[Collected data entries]
=== Begin Enclosure ===

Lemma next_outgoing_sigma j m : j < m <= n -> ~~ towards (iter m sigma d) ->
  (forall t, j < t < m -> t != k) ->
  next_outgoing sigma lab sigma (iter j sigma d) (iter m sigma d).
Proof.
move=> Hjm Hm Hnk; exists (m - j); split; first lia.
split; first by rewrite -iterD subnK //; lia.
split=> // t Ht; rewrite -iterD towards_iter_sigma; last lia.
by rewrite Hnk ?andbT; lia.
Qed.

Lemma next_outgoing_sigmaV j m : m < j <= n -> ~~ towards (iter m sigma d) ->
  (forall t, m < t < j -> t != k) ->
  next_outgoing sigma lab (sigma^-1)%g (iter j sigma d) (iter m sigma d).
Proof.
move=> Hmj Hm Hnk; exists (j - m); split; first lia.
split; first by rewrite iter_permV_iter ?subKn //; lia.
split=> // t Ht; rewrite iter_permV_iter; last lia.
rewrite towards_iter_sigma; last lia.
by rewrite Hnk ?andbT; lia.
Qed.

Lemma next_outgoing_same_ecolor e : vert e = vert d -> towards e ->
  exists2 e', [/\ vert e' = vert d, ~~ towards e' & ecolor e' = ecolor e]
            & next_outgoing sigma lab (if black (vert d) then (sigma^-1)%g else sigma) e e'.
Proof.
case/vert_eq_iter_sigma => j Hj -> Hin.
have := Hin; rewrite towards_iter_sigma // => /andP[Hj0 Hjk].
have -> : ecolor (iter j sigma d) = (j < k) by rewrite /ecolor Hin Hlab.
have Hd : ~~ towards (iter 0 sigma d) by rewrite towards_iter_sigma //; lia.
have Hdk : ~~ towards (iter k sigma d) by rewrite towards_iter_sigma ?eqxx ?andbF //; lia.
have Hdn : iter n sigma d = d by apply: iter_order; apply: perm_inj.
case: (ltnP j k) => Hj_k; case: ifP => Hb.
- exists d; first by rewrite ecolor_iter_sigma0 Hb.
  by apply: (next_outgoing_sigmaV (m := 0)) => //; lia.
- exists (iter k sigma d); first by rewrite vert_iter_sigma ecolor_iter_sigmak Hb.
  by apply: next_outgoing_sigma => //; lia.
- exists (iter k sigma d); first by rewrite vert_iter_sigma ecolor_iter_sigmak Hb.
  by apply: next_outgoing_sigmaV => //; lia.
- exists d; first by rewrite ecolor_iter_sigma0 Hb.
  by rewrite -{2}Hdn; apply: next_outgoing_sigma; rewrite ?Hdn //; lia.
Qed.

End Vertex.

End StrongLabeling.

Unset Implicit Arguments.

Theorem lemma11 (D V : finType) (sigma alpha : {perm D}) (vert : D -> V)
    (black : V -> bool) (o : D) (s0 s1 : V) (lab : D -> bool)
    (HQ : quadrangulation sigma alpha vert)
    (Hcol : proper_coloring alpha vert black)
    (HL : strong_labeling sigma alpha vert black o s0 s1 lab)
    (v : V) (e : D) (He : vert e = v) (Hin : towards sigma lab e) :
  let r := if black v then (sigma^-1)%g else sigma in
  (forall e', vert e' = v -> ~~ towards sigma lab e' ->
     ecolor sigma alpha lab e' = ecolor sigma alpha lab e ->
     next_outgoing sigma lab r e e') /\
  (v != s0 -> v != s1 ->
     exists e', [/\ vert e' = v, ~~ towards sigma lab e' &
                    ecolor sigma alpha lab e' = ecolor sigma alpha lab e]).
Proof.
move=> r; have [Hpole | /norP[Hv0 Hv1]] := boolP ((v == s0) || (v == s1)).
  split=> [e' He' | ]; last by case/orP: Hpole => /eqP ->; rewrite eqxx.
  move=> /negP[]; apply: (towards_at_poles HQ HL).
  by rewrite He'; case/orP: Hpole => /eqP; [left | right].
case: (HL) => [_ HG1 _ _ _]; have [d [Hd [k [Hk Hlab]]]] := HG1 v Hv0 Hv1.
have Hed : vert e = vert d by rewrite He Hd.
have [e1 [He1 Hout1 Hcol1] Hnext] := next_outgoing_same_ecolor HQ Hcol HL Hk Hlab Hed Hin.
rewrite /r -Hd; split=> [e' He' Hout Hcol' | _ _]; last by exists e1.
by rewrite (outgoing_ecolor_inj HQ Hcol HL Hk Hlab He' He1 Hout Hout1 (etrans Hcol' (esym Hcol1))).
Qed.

=== End Enclosure ===
=== Begin Enclosure ===

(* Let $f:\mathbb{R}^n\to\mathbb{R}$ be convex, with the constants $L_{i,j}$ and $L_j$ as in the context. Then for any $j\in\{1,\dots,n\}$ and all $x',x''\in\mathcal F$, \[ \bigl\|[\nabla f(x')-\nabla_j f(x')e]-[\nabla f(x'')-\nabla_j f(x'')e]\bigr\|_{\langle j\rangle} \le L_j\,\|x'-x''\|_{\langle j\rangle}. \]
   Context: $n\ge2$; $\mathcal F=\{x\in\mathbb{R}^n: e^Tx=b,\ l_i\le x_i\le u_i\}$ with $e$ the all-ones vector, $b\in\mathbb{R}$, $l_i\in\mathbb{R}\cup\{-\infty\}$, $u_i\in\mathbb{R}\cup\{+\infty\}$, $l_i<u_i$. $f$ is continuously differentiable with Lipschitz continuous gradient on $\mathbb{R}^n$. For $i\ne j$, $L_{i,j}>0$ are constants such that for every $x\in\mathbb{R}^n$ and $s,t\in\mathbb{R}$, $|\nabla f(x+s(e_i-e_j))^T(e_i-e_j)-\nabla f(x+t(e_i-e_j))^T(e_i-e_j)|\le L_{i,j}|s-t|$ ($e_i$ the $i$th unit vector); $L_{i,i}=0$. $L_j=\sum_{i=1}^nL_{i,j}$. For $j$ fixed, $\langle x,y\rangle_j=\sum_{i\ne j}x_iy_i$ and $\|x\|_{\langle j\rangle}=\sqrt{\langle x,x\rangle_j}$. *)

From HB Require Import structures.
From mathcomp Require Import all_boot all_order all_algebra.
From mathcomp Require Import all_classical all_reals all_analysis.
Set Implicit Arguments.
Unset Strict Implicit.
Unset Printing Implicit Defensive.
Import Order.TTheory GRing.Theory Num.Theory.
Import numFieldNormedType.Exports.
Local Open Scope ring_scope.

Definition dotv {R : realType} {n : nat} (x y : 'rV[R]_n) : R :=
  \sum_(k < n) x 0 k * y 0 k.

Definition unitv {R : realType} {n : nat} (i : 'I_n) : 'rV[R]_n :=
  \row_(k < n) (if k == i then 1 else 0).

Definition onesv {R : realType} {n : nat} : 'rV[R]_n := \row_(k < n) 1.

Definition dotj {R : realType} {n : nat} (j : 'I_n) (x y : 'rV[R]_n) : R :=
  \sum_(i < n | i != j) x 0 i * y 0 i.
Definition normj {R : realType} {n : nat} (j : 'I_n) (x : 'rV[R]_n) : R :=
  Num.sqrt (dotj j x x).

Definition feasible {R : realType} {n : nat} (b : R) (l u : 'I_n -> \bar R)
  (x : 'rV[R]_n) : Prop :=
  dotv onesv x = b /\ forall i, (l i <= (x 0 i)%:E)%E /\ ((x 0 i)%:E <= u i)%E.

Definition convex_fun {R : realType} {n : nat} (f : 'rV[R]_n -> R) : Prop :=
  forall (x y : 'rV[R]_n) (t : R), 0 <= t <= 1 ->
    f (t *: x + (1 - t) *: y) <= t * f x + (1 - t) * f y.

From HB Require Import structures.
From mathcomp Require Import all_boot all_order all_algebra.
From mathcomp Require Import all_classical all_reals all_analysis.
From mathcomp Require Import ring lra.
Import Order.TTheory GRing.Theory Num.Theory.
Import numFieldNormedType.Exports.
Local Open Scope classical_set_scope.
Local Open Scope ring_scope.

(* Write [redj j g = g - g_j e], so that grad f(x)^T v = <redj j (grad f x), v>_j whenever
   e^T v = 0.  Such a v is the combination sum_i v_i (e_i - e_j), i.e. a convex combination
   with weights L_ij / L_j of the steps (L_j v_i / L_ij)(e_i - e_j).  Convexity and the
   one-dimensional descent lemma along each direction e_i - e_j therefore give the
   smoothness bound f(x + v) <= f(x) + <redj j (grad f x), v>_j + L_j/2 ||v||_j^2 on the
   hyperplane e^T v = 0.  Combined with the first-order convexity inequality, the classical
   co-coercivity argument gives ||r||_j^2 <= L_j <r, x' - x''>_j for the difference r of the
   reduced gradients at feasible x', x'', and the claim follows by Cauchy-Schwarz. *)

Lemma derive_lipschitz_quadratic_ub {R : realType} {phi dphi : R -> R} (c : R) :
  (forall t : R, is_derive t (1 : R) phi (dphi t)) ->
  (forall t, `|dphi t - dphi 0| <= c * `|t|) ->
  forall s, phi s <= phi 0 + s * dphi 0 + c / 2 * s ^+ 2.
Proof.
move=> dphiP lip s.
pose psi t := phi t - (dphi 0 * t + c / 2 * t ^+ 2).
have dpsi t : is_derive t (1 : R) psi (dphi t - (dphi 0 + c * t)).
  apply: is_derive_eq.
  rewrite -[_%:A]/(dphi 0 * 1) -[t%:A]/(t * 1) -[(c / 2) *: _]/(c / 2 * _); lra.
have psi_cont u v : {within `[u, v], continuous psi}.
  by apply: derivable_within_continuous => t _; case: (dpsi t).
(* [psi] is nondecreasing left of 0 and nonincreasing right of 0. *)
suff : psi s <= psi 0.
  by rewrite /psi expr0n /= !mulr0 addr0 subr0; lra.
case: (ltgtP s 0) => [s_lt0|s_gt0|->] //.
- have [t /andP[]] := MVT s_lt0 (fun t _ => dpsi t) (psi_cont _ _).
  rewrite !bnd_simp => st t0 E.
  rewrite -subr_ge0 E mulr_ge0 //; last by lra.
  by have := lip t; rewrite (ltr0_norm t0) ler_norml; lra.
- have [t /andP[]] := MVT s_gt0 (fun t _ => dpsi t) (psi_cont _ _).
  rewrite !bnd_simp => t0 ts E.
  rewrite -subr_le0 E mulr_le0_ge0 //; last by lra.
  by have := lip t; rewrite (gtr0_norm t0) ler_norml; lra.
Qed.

=== End Enclosure ===
=== Begin Enclosure ===

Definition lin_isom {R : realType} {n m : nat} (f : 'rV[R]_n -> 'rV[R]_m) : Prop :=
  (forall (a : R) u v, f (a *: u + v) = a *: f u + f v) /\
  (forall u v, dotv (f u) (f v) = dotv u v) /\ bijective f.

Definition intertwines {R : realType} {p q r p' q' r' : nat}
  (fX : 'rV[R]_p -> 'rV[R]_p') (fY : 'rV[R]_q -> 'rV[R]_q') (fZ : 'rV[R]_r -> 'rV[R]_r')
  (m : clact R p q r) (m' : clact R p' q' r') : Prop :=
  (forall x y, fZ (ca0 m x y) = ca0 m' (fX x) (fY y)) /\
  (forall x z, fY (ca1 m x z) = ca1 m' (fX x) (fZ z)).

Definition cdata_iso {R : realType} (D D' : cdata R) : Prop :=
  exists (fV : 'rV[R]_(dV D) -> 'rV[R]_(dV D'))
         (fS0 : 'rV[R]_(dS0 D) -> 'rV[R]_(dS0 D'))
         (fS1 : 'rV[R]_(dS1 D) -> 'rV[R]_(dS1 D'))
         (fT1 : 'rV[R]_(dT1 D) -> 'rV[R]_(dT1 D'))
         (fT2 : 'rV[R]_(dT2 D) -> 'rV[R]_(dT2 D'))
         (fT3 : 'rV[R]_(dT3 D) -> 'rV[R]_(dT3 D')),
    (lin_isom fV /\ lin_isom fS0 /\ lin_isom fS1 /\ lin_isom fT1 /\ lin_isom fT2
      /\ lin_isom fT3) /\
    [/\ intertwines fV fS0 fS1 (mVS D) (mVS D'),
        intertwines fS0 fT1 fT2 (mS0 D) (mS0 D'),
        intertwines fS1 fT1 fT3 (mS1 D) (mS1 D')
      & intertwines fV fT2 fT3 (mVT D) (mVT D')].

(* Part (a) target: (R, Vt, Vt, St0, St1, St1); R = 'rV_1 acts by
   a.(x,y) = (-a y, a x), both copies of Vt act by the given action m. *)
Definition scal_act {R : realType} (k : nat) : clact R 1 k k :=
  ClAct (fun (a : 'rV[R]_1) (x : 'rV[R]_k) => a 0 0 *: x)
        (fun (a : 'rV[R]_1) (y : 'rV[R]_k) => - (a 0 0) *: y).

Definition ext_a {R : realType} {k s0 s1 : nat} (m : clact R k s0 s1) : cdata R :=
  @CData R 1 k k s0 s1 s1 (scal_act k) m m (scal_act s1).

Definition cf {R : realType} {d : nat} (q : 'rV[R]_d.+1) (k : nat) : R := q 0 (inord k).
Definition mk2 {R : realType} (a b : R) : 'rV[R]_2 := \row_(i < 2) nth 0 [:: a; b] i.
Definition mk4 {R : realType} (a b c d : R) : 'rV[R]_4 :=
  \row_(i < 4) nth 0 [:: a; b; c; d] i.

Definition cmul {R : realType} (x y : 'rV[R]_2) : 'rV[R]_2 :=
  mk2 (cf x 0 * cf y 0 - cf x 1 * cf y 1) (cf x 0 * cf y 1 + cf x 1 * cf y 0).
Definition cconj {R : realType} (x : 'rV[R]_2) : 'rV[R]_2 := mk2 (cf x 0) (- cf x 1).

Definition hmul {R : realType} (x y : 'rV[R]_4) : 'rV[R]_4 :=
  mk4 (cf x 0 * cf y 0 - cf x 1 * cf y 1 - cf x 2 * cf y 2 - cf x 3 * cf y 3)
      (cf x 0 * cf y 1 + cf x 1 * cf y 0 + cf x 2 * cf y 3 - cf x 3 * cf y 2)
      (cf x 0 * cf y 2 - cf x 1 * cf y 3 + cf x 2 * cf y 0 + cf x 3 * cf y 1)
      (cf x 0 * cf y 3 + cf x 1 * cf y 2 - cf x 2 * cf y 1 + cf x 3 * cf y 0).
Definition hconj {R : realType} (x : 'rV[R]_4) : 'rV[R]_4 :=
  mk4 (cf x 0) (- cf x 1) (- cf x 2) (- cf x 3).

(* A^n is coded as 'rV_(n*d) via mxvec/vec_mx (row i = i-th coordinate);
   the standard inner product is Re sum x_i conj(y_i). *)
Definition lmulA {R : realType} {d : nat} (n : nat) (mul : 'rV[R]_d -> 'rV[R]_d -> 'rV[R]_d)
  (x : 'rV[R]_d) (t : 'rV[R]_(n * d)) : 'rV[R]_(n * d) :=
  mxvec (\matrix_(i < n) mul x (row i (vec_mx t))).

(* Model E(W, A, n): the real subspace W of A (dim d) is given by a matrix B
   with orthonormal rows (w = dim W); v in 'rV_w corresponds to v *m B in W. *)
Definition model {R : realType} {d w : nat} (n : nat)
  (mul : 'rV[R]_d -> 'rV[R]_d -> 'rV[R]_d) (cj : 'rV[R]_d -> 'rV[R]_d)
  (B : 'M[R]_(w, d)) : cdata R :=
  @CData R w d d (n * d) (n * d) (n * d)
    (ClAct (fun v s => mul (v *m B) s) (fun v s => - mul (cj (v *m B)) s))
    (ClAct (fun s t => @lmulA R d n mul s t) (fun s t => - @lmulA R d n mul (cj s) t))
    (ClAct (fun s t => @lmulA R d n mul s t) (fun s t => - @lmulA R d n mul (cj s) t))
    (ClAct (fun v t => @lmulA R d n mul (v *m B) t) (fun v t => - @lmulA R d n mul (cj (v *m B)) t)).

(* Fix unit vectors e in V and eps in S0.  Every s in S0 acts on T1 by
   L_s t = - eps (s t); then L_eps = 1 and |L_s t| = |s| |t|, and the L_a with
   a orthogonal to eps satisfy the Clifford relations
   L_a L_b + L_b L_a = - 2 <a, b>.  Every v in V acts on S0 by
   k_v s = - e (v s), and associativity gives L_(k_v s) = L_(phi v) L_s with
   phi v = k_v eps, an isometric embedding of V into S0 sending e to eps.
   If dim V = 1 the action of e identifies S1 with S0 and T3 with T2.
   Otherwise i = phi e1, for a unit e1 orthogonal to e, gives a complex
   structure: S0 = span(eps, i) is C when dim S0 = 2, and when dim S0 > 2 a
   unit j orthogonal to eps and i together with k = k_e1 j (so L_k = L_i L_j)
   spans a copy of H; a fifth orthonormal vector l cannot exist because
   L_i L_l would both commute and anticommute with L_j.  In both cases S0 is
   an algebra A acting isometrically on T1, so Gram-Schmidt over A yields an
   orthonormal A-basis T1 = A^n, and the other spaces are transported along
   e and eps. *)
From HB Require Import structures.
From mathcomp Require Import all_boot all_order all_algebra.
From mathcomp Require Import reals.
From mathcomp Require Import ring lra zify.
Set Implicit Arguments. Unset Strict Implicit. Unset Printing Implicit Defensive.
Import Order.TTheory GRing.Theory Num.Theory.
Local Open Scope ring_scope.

=== End Enclosure ===

▸ **TASK REQUIREMENTS**
Your task for the entries above: copy exactly the span starting with the line with "(mul : 'rV[R]_d -> 'rV[R]_d -> 'rV[R]_d) (cj" and going on through the line with "(ClAct (fun v t", both lines included, and nothing else.

▸ **SOLUTION BELOW**
  (mul : 'rV[R]_d -> 'rV[R]_d -> 'rV[R]_d) (cj : 'rV[R]_d -> 'rV[R]_d)
  (B : 'M[R]_(w, d)) : cdata R :=
  @CData R w d d (n * d) (n * d) (n * d)
    (ClAct (fun v s => mul (v *m B) s) (fun v s => - mul (cj (v *m B)) s))
    (ClAct (fun s t => @lmulA R d n mul s t) (fun s t => - @lmulA R d n mul (cj s) t))
    (ClAct (fun s t => @lmulA R d n mul s t) (fun s t => - @lmulA R d n mul (cj s) t))
    (ClAct (fun v t => @lmulA R d n mul (v *m B) t) (fun v t => - @lmulA R d n mul (cj (v *m B)) t)).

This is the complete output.